[Records excerpted from a collection]
────────
(* For any graph $G$ with no isolated vertex, order $n$ and maximum degree $\Delta$, $$\left\lceil\frac{2n}{\Delta}\right\rceil\le\gamma_{(2,2,2)}(G)\le 2\gamma_t(G).$$ Furthermore, if $G$ has minimum degree $\delta\ge2$, then $\gamma_{(2,2,2)}(G)\le\gamma_{\times2,t}(G)$.
   Context: All graphs are finite and simple; $N(v)$ is the open neighbourhood. $\gamma_{(2,2,2)}(G)$ is the minimum of $\sum_v f(v)$ over functions $f:V(G)\to\{0,1,2\}$ with $\sum_{u\in N(v)}f(u)\ge2$ for every vertex $v$. $\gamma_t(G)$ is the total domination number (minimum size of $S$ such that every vertex has a neighbour in $S$). $\gamma_{\times2,t}(G)$ (double total domination number) is the minimum size of $S\subseteq V(G)$ such that every vertex has at least two neighbours in $S$. *)

From mathcomp Require Import all_boot.
Set Implicit Arguments. Unset Strict Implicit. Unset Printing Implicit Defensive.

Definition simple_graph (T : finType) (e : rel T) : Prop :=
  symmetric e /\ irreflexive e.

Definition N (T : finType) (e : rel T) (v : T) : {set T} := [set u | e v u].

Definition deg (T : finType) (e : rel T) (v : T) : nat := #|N e v|.
Definition maxdeg (T : finType) (e : rel T) : nat := \max_(v : T) deg e v.
Definition mindeg (T : finType) (e : rel T) : nat := \big[minn/#|T|]_(v : T) deg e v.

Definition no_isolated (T : finType) (e : rel T) : Prop := forall v : T, 0 < deg e v.

Definition is_222 (T : finType) (e : rel T) (f : {ffun T -> 'I_3}) : bool :=
  [forall v, 2 <= \sum_(u in N e v) (f u : nat)].
Definition weight (T : finType) (f : {ffun T -> 'I_3}) : nat := \sum_(v : T) (f v : nat).
(* minimum weight; the default 2|V| is attained by the constant-2 function
   whenever G has no isolated vertex *)
Definition gamma222 (T : finType) (e : rel T) : nat :=
  \big[minn/#|T|.*2]_(f : {ffun T -> 'I_3} | is_222 e f) weight f.

Definition is_tds (T : finType) (e : rel T) (S : {set T}) : bool :=
  [forall v, [exists u in S, e v u]].
Definition gamma_t (T : finType) (e : rel T) : nat :=
  \big[minn/#|T|]_(S : {set T} | is_tds e S) #|S|.

Definition is_dtds (T : finType) (e : rel T) (S : {set T}) : bool :=
  [forall v, 2 <= #|N e v :&: S|].
Definition gamma_x2t (T : finType) (e : rel T) : nat :=
  \big[minn/#|T|]_(S : {set T} | is_dtds e S) #|S|.

From mathcomp Require Import all_boot all_order zify.
Import Order.TTheory.

(* Lower bound: summing the condition [2 <= sum_(u in N v) f u] over all
   vertices v counts every value f u exactly deg u <= Delta times, so
   2n <= Delta * w(f).  Upper bounds: for a total dominating set S the
   function 2 * 1_S is a (2,2,2)-function of weight 2|S|, and for a double
   total dominating set S so is 1_S, of weight |S|. *)

Section BigMinNat.
Variables (I : finType) (P : pred I) (F : I -> nat) (x0 : nat).

Lemma bigminn_le_cond i : P i -> \big[minn/x0]_(j | P j) F j <= F i.
Proof. by move=> Pi; have := bigmin_le_cond x0 F Pi; rewrite minEnat. Qed.

Lemma bigminn_le_id : \big[minn/x0]_(j | P j) F j <= x0.
Proof. by have := bigmin_le_id (index_enum I) x0 P F; rewrite minEnat. Qed.

Lemma bigminn_ind (K : nat -> Prop) :
  K x0 -> (forall i, P i -> K (F i)) -> K (\big[minn/x0]_(j | P j) F j).
Proof. by move=> K0 KF; apply: big_ind => // m n Km Kn; rewrite /minn; case: ifP. Qed.

End BigMinNat.

Lemma leq_ceil_divLR a b d : 0 < d -> ((a + d - 1) %/ d <= b) = (a <= b * d).
Proof. by move=> d_gt0; rewrite -ltnS ltn_divLR //; apply/idP/idP; lia. Qed.

Section Graph.
Variables (T : finType) (e : rel T).

Lemma deg_le_maxdeg v : deg e v <= maxdeg e.
Proof. exact: (leq_bigmax_cond (F := deg e)). Qed.

Lemma mindeg_le_deg v : mindeg e <= deg e v.
Proof. exact: bigminn_le_cond. Qed.

Lemma gamma222_le_weight f : is_222 e f -> gamma222 e <= weight f.
Proof. exact: bigminn_le_cond. Qed.

Lemma gamma222_le_double_card : gamma222 e <= #|T|.*2.
Proof. exact: bigminn_le_id. Qed.

Definition set_weighting (c : 'I_3) (S : {set T}) : {ffun T -> 'I_3} :=
  [ffun v => if v \in S then c else ord0].

Lemma sum_set_weighting c S (A : {pred T}) :
  \sum_(u in A) (set_weighting c S u : nat) = c * #|[predI A & S]|.
Proof.
rewrite (eq_bigr (fun u => if u \in S then c : nat else 0)); last first.
  by move=> u _; rewrite ffunE; case: (u \in S).
by rewrite -big_mkcondr sum_nat_const mulnC.
Qed.

Lemma gamma222_le_set_weighting (c : 'I_3) S :
  (forall v, 2 <= c * #|N e v :&: S|) -> gamma222 e <= c * #|S|.
Proof.
move=> cover; have -> : c * #|S| = weight (set_weighting c S).
  rewrite /weight sum_set_weighting.
  by congr (_ * _); apply: eq_card => u; rewrite !inE.
apply/gamma222_le_weight/forallP => v; rewrite sum_set_weighting.
have -> : #|[predI N e v & S]| = #|N e v :&: S|.
  by apply: eq_card => u; rewrite !inE.
exact: cover.
Qed.

Lemma gamma222_le_tds S : is_tds e S -> gamma222 e <= #|S|.*2.
Proof.
move=> /forallP tdS; rewrite -mul2n.
apply: (@gamma222_le_set_weighting (@Ordinal 3 2 isT)) => v /=.
have /existsP [u /andP [uS evu]] := tdS v.
by rewrite leq_pmulr // card_gt0; apply/set0Pn; exists u; rewrite !inE evu.
Qed.

Lemma gamma222_le_dtds S : is_dtds e S -> gamma222 e <= #|S|.
Proof.
move=> /forallP dtdS; rewrite -[#|S|]mul1n.
apply: (@gamma222_le_set_weighting (@Ordinal 3 1 isT)) => v.
by rewrite mul1n; exact: dtdS.
Qed.

Lemma dtds_setT : 2 <= mindeg e -> is_dtds e [set: T].
Proof.
move=> mindeg_ge2; apply/forallP => v.
by rewrite setIT; apply: leq_trans mindeg_ge2 (mindeg_le_deg v).
Qed.

Lemma gamma222_le_gamma_x2t : 2 <= mindeg e -> gamma222 e <= gamma_x2t e.
Proof.
move=> mindeg_ge2.
apply: (@bigminn_ind _ _ _ _ (leq (gamma222 e))) => [|S].
  by rewrite -cardsT; apply/gamma222_le_dtds/dtds_setT.
exact: gamma222_le_dtds.
Qed.

Lemma gamma222_le_double_gamma_t : gamma222 e <= (gamma_t e).*2.
Proof.
apply: (@bigminn_ind _ _ _ _ (fun n => gamma222 e <= n.*2)) => [|S].
  exact: gamma222_le_double_card.
exact: gamma222_le_tds.
Qed.

Hypothesis e_sym : symmetric e.

Lemma sum_neighbourhood_sums (f : T -> nat) :
  \sum_v \sum_(u in N e v) f u = \sum_u deg e u * f u.
Proof.
rewrite (exchange_big_dep predT) //=; apply: eq_bigr => u _.
rewrite -sum_nat_const; apply: eq_bigl => v.
by rewrite !inE e_sym.
Qed.

Lemma double_card_le_weight_maxdeg f :
  is_222 e f -> #|T|.*2 <= weight f * maxdeg e.
Proof.
move=> /forallP f222.
have -> : #|T|.*2 = \sum_(v : T) 2 by rewrite sum_nat_const -mul2n mulnC.
apply: (@leq_trans (\sum_v \sum_(u in N e v) (f u : nat))).
  by apply: leq_sum => v _; apply: f222.
rewrite (sum_neighbourhood_sums (fun u => f u : nat)) /weight big_distrl /=.
by apply: leq_sum => u _; rewrite mulnC leq_mul2l deg_le_maxdeg orbT.
Qed.

Lemma ceil_div_maxdeg_le_gamma222 :
  (#|T|.*2 + maxdeg e - 1) %/ maxdeg e <= gamma222 e.
Proof.
have [->|Delta_gt0] := posnP (maxdeg e); first by rewrite divn0.
apply: (@bigminn_ind _ _ _ _ (leq _)) => [|f f222]; rewrite leq_ceil_divLR //.
  by rewrite leq_pmulr.
exact: double_card_le_weight_maxdeg.
Qed.

End Graph.

Theorem theorem15 (T : finType) (e : rel T) :
  simple_graph e -> no_isolated e ->
  ((#|T|.*2 + maxdeg e - 1) %/ maxdeg e <= gamma222 e /\
   gamma222 e <= (gamma_t e).*2) /\
  (2 <= mindeg e -> gamma222 e <= gamma_x2t e).
Proof.
move=> [e_sym _] _.
split; [split|].
- exact: ceil_div_maxdeg_le_gamma222.
- exact: gamma222_le_double_gamma_t.
- exact: gamma222_le_gamma_x2t.
Qed.
(* Every Extended Bassian group is relatively Hopfian; that is, $\mathcal{EB}\subseteq\mathcal{RH}$.
   Context: All groups are abelian. A group $G$ is Bassian if there is no nonzero subgroup $H\le G$ with an injective homomorphism $G\to G/H$. A group $G$ is Extended Bassian ($G\in\mathcal{EB}$) if $G=B\oplus D$ where $B$ is Bassian and $D=\bigoplus_{p\ \text{prime}}\mathbb{Z}(p^\infty)^{(n_p)}$ with every $n_p$ finite ($\mathbb{Z}(p^\infty)$ the quasi-cyclic $p$-group, $A^{(n)}$ the direct sum of $n$ copies of $A$). A group $G$ is relatively Hopfian ($G\in\mathcal{RH}$) if $G$ is not isomorphic to a proper direct summand of any of its proper quotients, i.e., there is no nonzero subgroup $H\le G$ with $G/H=A\oplus C$, $C\neq0$ and $A\cong G$. *)

From HB Require Import structures.
From mathcomp Require Import all_boot all_order all_algebra.
Set Implicit Arguments. Unset Strict Implicit. Unset Printing Implicit Defensive.
Import Order.TTheory GRing.Theory Num.Theory.
Local Open Scope ring_scope.

(* A quotient G/H is represented (up to isomorphism) by a
   zmodType Q together with a surjective homomorphism pi : G -> Q whose kernel
   is H (first isomorphism theorem). *)

Definition Bassian (G : zmodType) : Prop :=
  forall (Q : zmodType) (pi f : {additive G -> Q}),
    (forall q : Q, exists x : G, pi x = q) ->
    injective f ->
    forall x : G, pi x = 0 -> x = 0.

(* q is in Z[1/p], i.e. its reduced denominator is a power of p. *)
Definition padic_rat (p : nat) (q : rat) : Prop :=
  exists k : nat, denq q = (p ^ k)%N%:Z.

(* The domain F = \bigoplus_{p prime} (Z[1/p])^(n_p), coordinates indexed by
   (p, i) with p prime and i < n p, finitely supported. *)
Definition Fdom (n : nat -> nat) (u : nat -> nat -> rat) : Prop :=
  [/\ (forall p i, padic_rat p (u p i)),
      (forall p i, (~~ prime p \/ (n p <= i)%N) -> u p i = 0)
    & exists N : nat, forall p i, (N <= p)%N -> u p i = 0].

Definition Fadd (u v : nat -> nat -> rat) : nat -> nat -> rat :=
  fun p i => u p i + v p i.

(* D is isomorphic to \bigoplus_p Z(p^oo)^(n_p) (every n_p finite), realised as
   F / K where K = \bigoplus_p Z^(n_p) (integer coordinates): there is a
   surjective homomorphism F -> D with kernel K. Note Z(p^oo) = Z[1/p]/Z. *)
Definition StdDivisible (D : zmodType) : Prop :=
  exists (n : nat -> nat) (pi : (nat -> nat -> rat) -> D),
    [/\ (forall u v, Fdom n u -> Fdom n v -> pi (Fadd u v) = pi u + pi v),
        (forall d : D, exists u, Fdom n u /\ pi u = d)
      & (forall u, Fdom n u -> (pi u = 0 <-> forall p i, denq (u p i) = 1))].

Definition ExtBassian (G : zmodType) : Prop :=
  exists (B D : zmodType) (phi : {additive G -> (B * D)%type}),
    [/\ bijective phi, Bassian B & StdDivisible D].

(* Relatively Hopfian: there is no nonzero H <= G with G/H = A (+) C,
   C <> 0, A ~= G.  Here G/H is Q (via pi, H = ker pi), A is the image of an
   injective homomorphism f : G -> Q, and C is a subgroup of Q with
   Q = A (+) C internally. *)
Definition RelHopfian (G : zmodType) : Prop :=
  forall (Q : zmodType) (pi f : {additive G -> Q}) (C : {pred Q}),
    (forall q : Q, exists x : G, pi x = q) ->
    injective f ->
    0 \in C -> {in C &, forall a b, a - b \in C} ->
    (exists c, c \in C /\ c <> 0) ->
    (forall q : Q, exists x c, c \in C /\ q = f x + c) ->
    (forall x : G, f x \in C -> f x = 0) ->
    forall x : G, pi x = 0 -> x = 0.
(* Let $Z=(X,Y)\in G_m(1)$. Then for every transition function $\varphi$ there exists $\epsilon_0>0$ such that for all $0<\epsilon\le\epsilon_0$ all singular points of $\mathcal P(Z)_\epsilon$ in $S^2$ are hyperbolic.
   Context: Fix $m\ge1$. $\chi_m$ is the space of real polynomial vector fields $X=P\partial_x+Q\partial_y$ on $\mathbb R^2$ with $\deg P,\deg Q\le m$, identified with coefficient vectors in $\mathbb R^{(m+1)(m+2)}$; $\deg X=\max\{\deg P,\deg Q\}$. Let $f(x,y)=y$, $D=\{y=0\}$, $N=\{y>0\}$, $S=\{y<0\}$. $\Omega_m$ is the set of pairs $Z=(X,Y)$, $X,Y\in\chi_m$ of degree exactly $m$, regarded as the discontinuous vector field equal to $X$ on $\{y\ge0\}$ and $Y$ on $\{y\le0\}$. For $X\in\chi_m$, $\mathcal P(X)$ is the unique analytic vector field tangent to $S^2=\{x^2+y^2+z^2=1\}$ whose restriction to $S^2_+=\{z>0\}$ is $z^{m-1}\wp^*(X)$, $\wp(u,v)=(u,v,1)/\sqrt{u^2+v^2+1}$; $S^1=\{z=0\}$ is invariant. $\mathcal P(Z)=(\mathcal P(X),\mathcal P(Y))$ is the discontinuous field on the sphere equal to $\mathcal P(X)$ where $y\ge0$, $\mathcal P(Y)$ where $y\le0$, with $f(x,y,z)=y$, $D=\{y=0\}$, $N=\{y>0\}$, $S=\{y<0\}$. A transition function is a $C^\infty$ $\varphi:\mathbb R\to\mathbb R$ with $\varphi=0$ on $(-\infty,-1]$, $\varphi=1$ on $[1,\infty)$, $\varphi'>0$ on $(-1,1)$. $\mathcal P(Z)_\epsilon(q)=(1-\varphi_\epsilon(f(q)))\mathcal P(Y)(q)+\varphi_\epsilon(f(q))\mathcal P(X)(q)$, $\varphi_\epsilon(t)=\varphi(t/\epsilon)$. For a discontinuous field $(U,V)$ write $Uf=\langle\nabla f,U\rangle$, $U^2f=U(Uf)$. Escaping arc: $Uf>0,Vf<0$; sliding arc: $Uf<0,Vf>0$; on these the Filippov vector field $F(p)$ is the vector in the cone spanned by $U(p),V(p)$ tangent to $D$. A fold point is $p\in D$ with $Vf(p)\neq0,Uf(p)=0,U^2f(p)\neq0$ or $Uf(p)\neq0,Vf(p)=0,V^2f(p)\neq0$. A hyperbolic singular point of $F$ is $p\in D$ with $Uf(p)Vf(p)<0$, $\det[U,V](p)=0$ and nonzero derivative at $p$ of $\det[U,V]|_D$. A $D$-singularity is a point of $D$ that is not $D$-regular ($p$ is $D$-regular if $Uf(p)Vf(p)>0$, or $Uf(p)Vf(p)<0$ and $\det[U,V](p)\neq0$); it is elementary if it is a fold point or a hyperbolic singular point of $F$. $\mathcal S_m$ is the set of $X\in\chi_m$ such that $\mathcal P(X)$ has all singular points hyperbolic, all periodic orbits hyperbolic, and no saddle connections in $S^2$ except those contained in $S^1$; ''$X|_N\in\mathcal S_m$'' (resp. ''$Y|_S\in\mathcal S_m$'') means these three conditions hold for $\mathcal P(X)$ restricted to $N$ (resp. $\mathcal P(Y)$ restricted to $S$). $G_m(1)$ is the set of $Z=(X,Y)\in\Omega_m$ with $X|_N,Y|_S\in\mathcal S_m$ and every $D$-singularity of $\mathcal P(Z)=(U,V)$ elementary. *)

From Stdlib Require Import Reals.
Open Scope R_scope.

Definition R3 : Type := (R * R * R)%type.
Definition cx (q : R3) : R := fst (fst q).
Definition cy (q : R3) : R := snd (fst q).
Definition cz (q : R3) : R := snd q.
Definition v0 : R3 := (0, 0, 0).
Definition vadd (p q : R3) : R3 := (cx p + cx q, cy p + cy q, cz p + cz q).
Definition vscale (a : R) (q : R3) : R3 := (a * cx q, a * cy q, a * cz q).
Definition dot (p q : R3) : R := cx p * cx q + cy p * cy q + cz p * cz q.
Definition dist2 (p q : R3) : R :=
  (cx p - cx q)^2 + (cy p - cy q)^2 + (cz p - cz q)^2.
(* triple product  det(p, u, v) = p . (u x v) *)
Definition det3 (p u v : R3) : R :=
  cx p * (cy u * cz v - cz u * cy v)
  - cy p * (cx u * cz v - cz u * cx v)
  + cz p * (cx u * cy v - cy u * cx v).

Definition sphere (q : R3) : Prop := cx q ^ 2 + cy q ^ 2 + cz q ^ 2 = 1.
Definition tangent (q u : R3) : Prop := dot q u = 0.

(* vector fields on (a neighbourhood of) the sphere, given on R^3 *)
Definition VF3 : Type := R3 -> R3.

(* A real polynomial in (x,y) is given by its coefficients p i j of x^i y^j. *)
Definition Poly2 : Type := nat -> nat -> R.
Definition poly_deg_le (m : nat) (p : Poly2) : Prop :=
  forall i j : nat, (m < i + j)%nat -> p i j = 0.

(* homogenization of degree m:  z^m p(x/z, y/z) = sum p_ij x^i y^j z^(m-i-j) *)
Definition hom_eval (m : nat) (p : Poly2) (x y z : R) : R :=
  sum_f_R0 (fun i =>
    sum_f_R0 (fun j => p i j * x ^ i * y ^ j * z ^ (m - i - j)) (m - i)) m.

(* X = P d/dx + Q d/dy *)
Record PVF : Type := mkPVF { pP : Poly2 ; pQ : Poly2 }.

Definition in_chi (m : nat) (X : PVF) : Prop :=
  poly_deg_le m (pP X) /\ poly_deg_le m (pQ X).

Definition deg_exact (m : nat) (X : PVF) : Prop :=
  in_chi m X /\
  exists i j : nat, (i + j = m)%nat /\ (pP X i j <> 0 \/ pQ X i j <> 0).

(* Poincare compactification P(X) on S^2 (written as a polynomial field on
   R^3 tangent to S^2): the analytic field which equals z^(m-1) times the pullback of X by wp on
   z > 0.  With P*, Q* the degree-m homogenizations of P, Q:
     xdot = (1-x^2) P* - x y Q*,  ydot = -x y P* + (1-y^2) Q*,
     zdot = - z (x P* + y Q* ). *)
Definition poinc (m : nat) (X : PVF) : VF3 := fun q =>
  let x := cx q in let y := cy q in let z := cz q in
  let Ps := hom_eval m (pP X) x y z in
  let Qs := hom_eval m (pQ X) x y z in
  ((1 - x ^ 2) * Ps - x * y * Qs,
   - x * y * Ps + (1 - y ^ 2) * Qs,
   - z * (x * Ps + y * Qs)).

Definition dderiv_s (g : R3 -> R) (q u : R3) (l : R) : Prop :=
  derivable_pt_lim (fun t => g (vadd q (vscale t u))) 0 l.
Definition dderiv (W : VF3) (q u L : R3) : Prop :=
  dderiv_s (fun p => cx (W p)) q u (cx L) /\
  dderiv_s (fun p => cy (W p)) q u (cy L) /\
  dderiv_s (fun p => cz (W p)) q u (cz L).

Definition curve_deriv (g : R -> R3) (t : R) (L : R3) : Prop :=
  derivable_pt_lim (fun s => cx (g s)) t (cx L) /\
  derivable_pt_lim (fun s => cy (g s)) t (cy L) /\
  derivable_pt_lim (fun s => cz (g s)) t (cz L).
────────
--- GOAL OF THE EXERCISE ---
The lines above from the one containing "vertices v counts" through the one containing "Proof. by move=> Pi;" are to be set down exactly, and no others.

--- REPLY TO THE EXERCISE ---
   vertices v counts every value f u exactly deg u <= Delta times, so
   2n <= Delta * w(f).  Upper bounds: for a total dominating set S the
   function 2 * 1_S is a (2,2,2)-function of weight 2|S|, and for a double
   total dominating set S so is 1_S, of weight |S|. *)

Section BigMinNat.
Variables (I : finType) (P : pred I) (F : I -> nat) (x0 : nat).

Lemma bigminn_le_cond i : P i -> \big[minn/x0]_(j | P j) F j <= F i.
Proof. by move=> Pi; have := bigmin_le_cond x0 F Pi; rewrite minEnat. Qed.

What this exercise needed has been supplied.